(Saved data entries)

=== Begin Enclosure ===

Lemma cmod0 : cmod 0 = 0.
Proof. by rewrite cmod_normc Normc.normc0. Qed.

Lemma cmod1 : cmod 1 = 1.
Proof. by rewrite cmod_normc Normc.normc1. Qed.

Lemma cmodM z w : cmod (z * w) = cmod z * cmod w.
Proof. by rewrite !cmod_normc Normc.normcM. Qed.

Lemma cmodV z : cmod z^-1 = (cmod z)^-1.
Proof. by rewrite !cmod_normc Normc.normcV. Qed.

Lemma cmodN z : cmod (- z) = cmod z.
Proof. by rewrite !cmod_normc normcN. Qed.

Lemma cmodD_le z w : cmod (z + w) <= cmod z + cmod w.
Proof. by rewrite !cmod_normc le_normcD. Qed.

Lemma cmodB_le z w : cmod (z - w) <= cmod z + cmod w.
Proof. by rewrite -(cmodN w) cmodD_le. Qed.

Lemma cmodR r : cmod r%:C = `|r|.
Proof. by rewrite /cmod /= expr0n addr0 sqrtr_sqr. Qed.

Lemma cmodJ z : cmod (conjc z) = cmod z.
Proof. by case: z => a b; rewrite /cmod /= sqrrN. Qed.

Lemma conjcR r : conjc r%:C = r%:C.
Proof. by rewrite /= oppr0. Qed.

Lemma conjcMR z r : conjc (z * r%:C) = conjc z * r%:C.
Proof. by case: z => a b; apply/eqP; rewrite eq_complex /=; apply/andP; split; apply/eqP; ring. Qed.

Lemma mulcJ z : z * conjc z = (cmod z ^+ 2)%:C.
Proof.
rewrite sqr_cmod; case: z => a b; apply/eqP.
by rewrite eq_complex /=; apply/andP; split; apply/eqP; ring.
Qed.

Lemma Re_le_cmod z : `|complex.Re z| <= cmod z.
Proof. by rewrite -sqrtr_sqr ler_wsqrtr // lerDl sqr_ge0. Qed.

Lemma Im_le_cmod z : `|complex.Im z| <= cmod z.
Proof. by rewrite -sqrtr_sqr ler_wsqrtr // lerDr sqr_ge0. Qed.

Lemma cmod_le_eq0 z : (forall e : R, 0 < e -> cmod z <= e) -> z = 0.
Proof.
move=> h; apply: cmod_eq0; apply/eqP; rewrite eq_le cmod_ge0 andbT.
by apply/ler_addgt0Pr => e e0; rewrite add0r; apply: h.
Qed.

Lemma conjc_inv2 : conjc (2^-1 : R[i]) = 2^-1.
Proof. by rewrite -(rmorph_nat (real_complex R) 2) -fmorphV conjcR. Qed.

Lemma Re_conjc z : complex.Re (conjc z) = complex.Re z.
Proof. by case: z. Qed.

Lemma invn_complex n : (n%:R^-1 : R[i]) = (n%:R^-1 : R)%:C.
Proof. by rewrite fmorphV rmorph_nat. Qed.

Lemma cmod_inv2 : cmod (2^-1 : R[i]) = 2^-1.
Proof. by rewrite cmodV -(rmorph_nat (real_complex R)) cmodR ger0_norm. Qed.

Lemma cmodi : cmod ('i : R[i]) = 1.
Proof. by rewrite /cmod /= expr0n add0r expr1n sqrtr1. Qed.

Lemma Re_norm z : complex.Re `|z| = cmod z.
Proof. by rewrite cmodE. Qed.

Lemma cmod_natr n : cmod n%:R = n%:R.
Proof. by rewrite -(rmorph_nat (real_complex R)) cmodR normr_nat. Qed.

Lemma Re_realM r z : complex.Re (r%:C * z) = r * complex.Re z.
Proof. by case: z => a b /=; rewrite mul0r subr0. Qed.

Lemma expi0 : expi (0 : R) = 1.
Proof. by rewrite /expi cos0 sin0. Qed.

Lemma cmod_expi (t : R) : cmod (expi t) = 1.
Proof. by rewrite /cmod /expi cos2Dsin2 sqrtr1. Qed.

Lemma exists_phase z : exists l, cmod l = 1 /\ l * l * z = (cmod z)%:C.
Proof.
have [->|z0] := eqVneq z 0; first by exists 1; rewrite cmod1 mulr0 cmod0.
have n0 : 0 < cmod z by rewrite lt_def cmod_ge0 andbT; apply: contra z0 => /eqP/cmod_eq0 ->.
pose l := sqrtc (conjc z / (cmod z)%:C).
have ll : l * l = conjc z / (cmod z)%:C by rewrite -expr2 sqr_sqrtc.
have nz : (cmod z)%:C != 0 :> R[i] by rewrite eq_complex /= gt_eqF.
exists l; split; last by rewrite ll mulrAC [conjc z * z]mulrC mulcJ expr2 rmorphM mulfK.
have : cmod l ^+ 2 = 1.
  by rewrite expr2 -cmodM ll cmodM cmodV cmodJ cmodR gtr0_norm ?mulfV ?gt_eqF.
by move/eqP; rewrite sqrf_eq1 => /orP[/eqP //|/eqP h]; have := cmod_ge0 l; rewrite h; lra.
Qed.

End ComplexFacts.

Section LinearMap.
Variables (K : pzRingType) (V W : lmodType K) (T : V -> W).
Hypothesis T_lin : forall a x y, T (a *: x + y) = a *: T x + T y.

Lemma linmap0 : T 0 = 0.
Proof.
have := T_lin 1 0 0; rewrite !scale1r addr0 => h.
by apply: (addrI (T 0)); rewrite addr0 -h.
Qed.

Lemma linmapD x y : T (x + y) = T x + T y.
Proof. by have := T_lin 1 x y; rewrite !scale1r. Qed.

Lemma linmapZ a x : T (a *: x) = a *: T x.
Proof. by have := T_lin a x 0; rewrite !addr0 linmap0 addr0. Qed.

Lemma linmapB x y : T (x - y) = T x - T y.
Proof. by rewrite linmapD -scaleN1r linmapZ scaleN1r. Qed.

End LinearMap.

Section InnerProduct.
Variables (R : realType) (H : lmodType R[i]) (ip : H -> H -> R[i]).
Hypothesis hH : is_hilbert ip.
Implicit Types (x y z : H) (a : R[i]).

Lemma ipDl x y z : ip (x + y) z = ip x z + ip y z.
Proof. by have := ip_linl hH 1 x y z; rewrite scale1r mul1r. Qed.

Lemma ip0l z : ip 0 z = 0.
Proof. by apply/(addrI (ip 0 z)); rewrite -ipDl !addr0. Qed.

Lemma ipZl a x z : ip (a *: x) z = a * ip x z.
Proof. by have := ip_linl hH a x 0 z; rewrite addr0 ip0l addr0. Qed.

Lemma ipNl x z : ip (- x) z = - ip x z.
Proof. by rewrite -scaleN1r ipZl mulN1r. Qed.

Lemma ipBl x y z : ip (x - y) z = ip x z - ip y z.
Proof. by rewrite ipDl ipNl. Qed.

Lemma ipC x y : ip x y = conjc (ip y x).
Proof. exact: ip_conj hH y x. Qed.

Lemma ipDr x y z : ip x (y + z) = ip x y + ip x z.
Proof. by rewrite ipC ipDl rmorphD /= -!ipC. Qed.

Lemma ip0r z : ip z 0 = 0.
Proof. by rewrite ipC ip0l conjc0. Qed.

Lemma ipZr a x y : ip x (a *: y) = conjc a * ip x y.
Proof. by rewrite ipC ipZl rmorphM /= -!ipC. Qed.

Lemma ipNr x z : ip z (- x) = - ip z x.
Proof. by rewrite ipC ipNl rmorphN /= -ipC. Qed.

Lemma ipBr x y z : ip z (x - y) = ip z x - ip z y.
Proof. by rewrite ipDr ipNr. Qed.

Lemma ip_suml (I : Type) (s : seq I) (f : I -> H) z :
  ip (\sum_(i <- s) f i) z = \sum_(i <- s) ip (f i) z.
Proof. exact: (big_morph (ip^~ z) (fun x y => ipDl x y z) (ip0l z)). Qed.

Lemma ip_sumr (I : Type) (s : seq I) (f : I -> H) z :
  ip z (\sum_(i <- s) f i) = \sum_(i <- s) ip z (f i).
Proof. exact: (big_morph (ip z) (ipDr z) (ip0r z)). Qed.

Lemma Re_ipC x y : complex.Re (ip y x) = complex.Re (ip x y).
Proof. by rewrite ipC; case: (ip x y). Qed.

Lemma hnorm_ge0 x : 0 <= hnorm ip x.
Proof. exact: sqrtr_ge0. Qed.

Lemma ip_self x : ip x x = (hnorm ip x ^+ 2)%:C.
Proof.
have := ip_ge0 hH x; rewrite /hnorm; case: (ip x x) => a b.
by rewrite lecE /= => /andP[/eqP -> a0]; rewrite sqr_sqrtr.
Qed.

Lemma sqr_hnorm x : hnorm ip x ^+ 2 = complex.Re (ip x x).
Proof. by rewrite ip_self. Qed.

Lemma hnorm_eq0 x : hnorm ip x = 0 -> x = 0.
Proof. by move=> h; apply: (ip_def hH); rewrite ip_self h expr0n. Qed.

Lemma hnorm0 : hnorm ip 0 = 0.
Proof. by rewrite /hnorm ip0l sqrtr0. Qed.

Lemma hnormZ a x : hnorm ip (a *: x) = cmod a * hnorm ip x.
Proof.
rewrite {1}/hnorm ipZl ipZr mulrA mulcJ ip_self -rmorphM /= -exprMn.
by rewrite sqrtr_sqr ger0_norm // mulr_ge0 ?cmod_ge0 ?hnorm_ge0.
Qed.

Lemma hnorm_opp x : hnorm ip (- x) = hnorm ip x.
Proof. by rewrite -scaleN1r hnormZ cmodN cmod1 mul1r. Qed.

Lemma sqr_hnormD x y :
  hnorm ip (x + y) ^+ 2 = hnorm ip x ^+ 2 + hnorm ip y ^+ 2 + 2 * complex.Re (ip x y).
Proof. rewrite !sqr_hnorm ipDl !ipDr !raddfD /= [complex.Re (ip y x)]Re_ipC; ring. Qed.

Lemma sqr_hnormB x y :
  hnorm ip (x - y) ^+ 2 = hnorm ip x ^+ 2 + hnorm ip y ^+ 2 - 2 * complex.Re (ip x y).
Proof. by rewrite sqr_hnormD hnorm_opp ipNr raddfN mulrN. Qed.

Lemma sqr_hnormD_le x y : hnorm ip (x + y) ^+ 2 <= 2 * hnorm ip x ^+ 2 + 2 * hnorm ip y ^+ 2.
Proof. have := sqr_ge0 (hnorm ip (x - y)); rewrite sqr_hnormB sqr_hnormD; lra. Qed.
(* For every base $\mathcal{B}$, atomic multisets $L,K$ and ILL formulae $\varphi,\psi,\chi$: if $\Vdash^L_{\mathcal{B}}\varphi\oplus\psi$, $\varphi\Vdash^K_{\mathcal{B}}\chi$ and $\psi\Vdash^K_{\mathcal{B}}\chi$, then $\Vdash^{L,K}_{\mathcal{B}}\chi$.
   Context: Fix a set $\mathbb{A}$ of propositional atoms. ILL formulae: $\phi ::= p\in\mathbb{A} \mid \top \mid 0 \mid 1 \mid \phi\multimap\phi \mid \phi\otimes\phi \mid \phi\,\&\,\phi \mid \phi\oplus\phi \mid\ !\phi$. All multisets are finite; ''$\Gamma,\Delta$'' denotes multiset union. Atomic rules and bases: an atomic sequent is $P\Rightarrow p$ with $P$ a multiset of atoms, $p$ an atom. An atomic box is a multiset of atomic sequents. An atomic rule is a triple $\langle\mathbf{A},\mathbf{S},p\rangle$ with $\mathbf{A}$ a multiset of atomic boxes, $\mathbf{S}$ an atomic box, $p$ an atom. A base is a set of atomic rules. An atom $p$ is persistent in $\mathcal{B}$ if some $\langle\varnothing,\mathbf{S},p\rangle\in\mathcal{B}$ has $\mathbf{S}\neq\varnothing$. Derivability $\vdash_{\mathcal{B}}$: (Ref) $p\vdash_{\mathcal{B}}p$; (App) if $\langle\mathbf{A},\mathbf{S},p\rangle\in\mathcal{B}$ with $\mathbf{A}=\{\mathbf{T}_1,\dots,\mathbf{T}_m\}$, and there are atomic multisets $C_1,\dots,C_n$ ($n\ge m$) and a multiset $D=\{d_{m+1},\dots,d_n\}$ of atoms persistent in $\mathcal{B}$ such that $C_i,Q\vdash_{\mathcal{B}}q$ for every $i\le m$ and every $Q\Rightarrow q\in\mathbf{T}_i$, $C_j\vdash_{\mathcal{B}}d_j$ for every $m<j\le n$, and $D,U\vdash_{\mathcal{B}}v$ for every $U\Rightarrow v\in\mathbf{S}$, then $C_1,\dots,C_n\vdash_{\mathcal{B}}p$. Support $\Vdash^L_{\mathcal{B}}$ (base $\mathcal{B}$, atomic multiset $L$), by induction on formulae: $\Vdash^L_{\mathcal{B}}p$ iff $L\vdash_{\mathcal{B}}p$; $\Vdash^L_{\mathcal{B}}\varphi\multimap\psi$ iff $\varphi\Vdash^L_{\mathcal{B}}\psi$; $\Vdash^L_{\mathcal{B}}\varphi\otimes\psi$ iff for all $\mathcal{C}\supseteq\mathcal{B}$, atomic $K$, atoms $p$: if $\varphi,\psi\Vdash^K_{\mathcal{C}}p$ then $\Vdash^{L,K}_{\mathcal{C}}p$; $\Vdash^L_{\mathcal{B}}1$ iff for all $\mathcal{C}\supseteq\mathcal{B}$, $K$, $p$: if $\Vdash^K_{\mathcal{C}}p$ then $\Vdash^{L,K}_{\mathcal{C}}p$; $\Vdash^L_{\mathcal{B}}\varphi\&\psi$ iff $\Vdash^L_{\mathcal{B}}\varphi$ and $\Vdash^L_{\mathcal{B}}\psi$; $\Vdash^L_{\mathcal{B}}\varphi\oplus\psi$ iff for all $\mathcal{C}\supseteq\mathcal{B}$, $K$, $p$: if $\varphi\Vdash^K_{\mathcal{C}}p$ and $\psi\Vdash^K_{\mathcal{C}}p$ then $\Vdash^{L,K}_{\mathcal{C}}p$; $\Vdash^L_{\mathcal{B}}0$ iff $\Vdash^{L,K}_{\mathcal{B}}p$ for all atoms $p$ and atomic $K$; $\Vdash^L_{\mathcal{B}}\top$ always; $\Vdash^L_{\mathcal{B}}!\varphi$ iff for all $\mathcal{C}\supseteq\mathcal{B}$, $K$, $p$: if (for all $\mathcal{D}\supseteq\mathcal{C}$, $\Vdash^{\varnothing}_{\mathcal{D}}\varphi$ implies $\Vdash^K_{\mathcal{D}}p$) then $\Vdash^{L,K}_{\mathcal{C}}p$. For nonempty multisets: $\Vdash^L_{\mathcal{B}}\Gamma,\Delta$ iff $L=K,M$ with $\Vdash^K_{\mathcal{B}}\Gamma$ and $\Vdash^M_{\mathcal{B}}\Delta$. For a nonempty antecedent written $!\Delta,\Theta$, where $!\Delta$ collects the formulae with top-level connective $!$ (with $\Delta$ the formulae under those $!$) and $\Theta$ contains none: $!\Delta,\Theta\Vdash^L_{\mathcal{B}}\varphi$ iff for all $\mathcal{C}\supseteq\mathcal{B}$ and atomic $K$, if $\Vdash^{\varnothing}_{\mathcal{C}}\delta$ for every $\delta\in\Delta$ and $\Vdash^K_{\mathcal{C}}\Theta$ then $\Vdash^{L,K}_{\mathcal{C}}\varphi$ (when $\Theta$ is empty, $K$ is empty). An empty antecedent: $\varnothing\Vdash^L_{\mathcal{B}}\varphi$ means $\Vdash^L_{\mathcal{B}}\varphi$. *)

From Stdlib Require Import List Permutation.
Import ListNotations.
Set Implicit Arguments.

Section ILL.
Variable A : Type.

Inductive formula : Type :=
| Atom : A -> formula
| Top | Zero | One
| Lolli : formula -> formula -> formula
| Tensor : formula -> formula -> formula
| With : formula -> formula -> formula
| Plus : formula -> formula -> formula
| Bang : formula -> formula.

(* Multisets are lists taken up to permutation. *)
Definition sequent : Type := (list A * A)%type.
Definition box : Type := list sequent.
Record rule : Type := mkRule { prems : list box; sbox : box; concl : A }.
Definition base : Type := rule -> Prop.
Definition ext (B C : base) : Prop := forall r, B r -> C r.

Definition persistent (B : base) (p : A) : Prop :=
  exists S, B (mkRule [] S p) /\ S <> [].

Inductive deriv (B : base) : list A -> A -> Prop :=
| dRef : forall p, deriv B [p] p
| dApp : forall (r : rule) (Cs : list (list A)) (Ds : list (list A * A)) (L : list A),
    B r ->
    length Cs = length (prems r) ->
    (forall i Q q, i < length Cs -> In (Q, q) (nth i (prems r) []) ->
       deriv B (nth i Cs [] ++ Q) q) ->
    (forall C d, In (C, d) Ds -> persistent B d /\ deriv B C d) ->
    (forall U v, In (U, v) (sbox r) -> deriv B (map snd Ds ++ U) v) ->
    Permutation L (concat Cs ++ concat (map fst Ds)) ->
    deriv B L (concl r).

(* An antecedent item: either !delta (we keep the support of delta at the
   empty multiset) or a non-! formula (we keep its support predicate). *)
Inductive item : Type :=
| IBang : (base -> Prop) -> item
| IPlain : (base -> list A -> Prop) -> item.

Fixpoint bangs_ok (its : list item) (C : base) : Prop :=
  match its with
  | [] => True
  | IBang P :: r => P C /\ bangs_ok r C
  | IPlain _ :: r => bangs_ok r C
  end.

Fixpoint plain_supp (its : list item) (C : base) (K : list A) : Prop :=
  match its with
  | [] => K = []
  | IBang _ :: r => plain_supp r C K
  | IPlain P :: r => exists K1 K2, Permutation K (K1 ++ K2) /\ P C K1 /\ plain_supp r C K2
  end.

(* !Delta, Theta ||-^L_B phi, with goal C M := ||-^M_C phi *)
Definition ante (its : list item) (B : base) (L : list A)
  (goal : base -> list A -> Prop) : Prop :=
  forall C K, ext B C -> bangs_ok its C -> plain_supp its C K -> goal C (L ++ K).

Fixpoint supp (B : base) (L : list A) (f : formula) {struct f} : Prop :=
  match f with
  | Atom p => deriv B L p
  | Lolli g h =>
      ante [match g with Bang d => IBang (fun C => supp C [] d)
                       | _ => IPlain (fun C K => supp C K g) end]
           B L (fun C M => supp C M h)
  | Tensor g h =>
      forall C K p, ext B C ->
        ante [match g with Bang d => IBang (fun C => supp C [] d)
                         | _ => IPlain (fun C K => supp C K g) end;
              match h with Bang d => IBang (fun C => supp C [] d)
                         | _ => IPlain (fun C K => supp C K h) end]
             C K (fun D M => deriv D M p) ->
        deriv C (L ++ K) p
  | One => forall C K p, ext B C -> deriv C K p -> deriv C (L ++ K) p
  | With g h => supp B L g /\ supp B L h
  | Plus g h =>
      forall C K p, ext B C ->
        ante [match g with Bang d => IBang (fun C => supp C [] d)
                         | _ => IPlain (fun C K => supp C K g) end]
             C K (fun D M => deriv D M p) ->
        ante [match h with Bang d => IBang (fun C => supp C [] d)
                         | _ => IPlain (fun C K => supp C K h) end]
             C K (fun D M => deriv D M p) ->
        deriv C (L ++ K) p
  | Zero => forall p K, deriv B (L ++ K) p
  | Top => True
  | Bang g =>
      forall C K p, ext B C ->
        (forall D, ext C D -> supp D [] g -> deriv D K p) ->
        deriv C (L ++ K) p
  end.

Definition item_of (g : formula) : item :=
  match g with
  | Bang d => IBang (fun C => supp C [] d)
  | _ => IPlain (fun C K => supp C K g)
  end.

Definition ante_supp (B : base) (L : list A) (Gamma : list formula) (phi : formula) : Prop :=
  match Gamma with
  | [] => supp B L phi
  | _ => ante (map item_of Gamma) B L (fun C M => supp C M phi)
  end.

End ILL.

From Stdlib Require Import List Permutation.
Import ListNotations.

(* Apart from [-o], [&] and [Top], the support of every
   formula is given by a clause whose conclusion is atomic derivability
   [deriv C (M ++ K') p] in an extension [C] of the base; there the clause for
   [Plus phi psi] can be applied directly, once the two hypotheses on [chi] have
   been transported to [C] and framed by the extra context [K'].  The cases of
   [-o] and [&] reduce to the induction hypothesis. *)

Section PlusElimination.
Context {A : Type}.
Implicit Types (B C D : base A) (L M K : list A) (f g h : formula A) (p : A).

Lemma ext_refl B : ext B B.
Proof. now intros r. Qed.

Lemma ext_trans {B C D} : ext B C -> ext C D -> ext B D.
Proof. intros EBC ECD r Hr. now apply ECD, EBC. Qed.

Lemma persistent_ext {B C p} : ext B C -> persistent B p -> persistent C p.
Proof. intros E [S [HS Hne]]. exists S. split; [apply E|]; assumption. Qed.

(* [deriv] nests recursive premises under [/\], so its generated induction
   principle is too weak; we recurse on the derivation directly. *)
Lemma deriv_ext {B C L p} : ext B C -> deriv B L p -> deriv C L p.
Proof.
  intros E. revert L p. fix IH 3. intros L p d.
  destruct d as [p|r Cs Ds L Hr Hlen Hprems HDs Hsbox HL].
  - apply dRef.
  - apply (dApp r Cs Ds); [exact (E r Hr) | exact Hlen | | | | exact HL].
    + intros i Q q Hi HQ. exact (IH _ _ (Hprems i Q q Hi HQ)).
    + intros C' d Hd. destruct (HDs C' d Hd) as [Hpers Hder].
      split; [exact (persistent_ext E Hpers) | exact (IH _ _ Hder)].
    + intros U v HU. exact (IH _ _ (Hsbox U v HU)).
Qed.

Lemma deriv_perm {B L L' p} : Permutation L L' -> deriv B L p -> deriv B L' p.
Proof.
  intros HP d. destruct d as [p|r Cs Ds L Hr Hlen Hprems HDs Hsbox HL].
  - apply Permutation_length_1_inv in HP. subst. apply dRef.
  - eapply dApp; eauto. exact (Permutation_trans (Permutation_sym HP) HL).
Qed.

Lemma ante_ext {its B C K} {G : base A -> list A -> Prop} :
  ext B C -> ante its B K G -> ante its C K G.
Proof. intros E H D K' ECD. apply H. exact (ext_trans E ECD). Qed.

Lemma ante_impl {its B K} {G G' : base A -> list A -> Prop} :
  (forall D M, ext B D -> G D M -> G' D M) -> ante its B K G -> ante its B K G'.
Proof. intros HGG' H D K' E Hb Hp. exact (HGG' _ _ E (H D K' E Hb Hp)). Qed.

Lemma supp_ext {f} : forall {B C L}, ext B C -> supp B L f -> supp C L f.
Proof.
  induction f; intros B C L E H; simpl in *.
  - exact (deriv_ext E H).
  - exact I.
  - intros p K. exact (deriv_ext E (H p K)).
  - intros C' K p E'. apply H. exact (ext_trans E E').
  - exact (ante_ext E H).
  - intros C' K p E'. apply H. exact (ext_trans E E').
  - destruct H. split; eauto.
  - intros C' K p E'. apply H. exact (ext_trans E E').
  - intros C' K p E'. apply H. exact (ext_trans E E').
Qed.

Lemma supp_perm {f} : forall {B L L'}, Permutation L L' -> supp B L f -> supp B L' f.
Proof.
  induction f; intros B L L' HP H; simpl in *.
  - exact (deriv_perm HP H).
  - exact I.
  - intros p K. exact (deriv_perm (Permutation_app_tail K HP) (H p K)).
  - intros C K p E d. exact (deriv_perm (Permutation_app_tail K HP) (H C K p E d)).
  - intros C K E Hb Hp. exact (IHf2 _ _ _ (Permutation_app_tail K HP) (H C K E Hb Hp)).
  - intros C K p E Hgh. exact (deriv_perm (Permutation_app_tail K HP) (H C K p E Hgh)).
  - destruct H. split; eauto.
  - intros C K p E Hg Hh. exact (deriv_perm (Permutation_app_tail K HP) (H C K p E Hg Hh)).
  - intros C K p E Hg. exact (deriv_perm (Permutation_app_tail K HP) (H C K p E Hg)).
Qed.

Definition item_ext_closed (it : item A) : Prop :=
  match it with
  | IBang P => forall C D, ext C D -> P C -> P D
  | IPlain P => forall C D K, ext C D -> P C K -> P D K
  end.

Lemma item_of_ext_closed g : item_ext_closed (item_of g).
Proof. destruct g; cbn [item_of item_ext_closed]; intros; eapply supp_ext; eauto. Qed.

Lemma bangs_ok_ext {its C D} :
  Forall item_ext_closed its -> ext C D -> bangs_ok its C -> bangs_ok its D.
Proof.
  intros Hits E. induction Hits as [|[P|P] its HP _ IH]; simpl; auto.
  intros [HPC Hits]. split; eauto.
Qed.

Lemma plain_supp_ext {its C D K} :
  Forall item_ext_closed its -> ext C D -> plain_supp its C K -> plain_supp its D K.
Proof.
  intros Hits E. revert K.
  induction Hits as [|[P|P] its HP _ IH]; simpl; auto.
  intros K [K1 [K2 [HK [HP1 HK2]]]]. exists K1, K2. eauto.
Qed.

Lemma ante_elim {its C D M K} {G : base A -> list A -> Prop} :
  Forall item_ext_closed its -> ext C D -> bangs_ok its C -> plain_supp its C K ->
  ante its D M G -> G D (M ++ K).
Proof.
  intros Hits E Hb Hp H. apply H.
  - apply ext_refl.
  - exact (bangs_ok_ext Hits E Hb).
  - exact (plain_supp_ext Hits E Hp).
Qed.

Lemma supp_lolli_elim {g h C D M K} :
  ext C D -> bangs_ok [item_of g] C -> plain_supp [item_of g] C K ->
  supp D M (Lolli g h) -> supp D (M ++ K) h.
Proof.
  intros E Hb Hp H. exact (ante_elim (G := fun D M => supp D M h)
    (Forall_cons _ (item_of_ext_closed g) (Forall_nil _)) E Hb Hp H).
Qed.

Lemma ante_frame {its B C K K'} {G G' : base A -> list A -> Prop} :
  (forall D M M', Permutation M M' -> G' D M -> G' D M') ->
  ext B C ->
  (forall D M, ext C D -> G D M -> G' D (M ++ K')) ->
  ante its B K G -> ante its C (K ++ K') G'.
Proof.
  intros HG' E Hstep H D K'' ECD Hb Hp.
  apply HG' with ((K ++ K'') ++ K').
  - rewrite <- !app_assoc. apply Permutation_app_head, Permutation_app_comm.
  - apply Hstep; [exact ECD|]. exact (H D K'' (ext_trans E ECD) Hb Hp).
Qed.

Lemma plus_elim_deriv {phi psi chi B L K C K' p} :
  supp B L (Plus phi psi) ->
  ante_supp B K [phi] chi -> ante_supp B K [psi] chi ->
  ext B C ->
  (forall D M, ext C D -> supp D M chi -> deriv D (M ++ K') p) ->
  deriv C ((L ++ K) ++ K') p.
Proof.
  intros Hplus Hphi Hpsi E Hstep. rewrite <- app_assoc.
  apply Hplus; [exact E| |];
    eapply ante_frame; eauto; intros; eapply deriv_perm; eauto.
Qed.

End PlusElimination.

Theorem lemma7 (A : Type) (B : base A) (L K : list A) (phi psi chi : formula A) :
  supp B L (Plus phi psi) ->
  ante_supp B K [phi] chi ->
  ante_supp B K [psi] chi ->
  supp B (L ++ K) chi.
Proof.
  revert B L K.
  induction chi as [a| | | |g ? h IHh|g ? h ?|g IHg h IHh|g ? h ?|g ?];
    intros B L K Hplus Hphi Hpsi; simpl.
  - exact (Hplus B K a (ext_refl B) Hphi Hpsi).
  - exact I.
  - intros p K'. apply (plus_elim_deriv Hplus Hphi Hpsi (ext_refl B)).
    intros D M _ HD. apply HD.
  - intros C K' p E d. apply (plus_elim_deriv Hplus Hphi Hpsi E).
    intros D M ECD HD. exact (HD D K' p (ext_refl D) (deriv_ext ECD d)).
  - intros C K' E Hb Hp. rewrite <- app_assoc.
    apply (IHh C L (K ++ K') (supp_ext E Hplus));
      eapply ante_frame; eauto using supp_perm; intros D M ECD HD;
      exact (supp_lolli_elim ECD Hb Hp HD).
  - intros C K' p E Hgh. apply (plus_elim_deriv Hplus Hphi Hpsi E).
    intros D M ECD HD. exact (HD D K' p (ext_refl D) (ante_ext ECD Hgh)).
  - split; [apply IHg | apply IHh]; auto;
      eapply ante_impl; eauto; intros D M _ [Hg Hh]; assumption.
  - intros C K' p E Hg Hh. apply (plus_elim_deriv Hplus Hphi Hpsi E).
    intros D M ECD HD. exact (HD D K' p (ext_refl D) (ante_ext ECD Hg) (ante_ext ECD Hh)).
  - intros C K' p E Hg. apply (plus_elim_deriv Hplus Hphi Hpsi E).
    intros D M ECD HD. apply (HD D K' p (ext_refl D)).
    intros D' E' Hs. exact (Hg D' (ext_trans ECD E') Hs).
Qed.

=== End Enclosure ===

Work through the data and report how many of its lines hold the word "simpl", giving only the figure.

5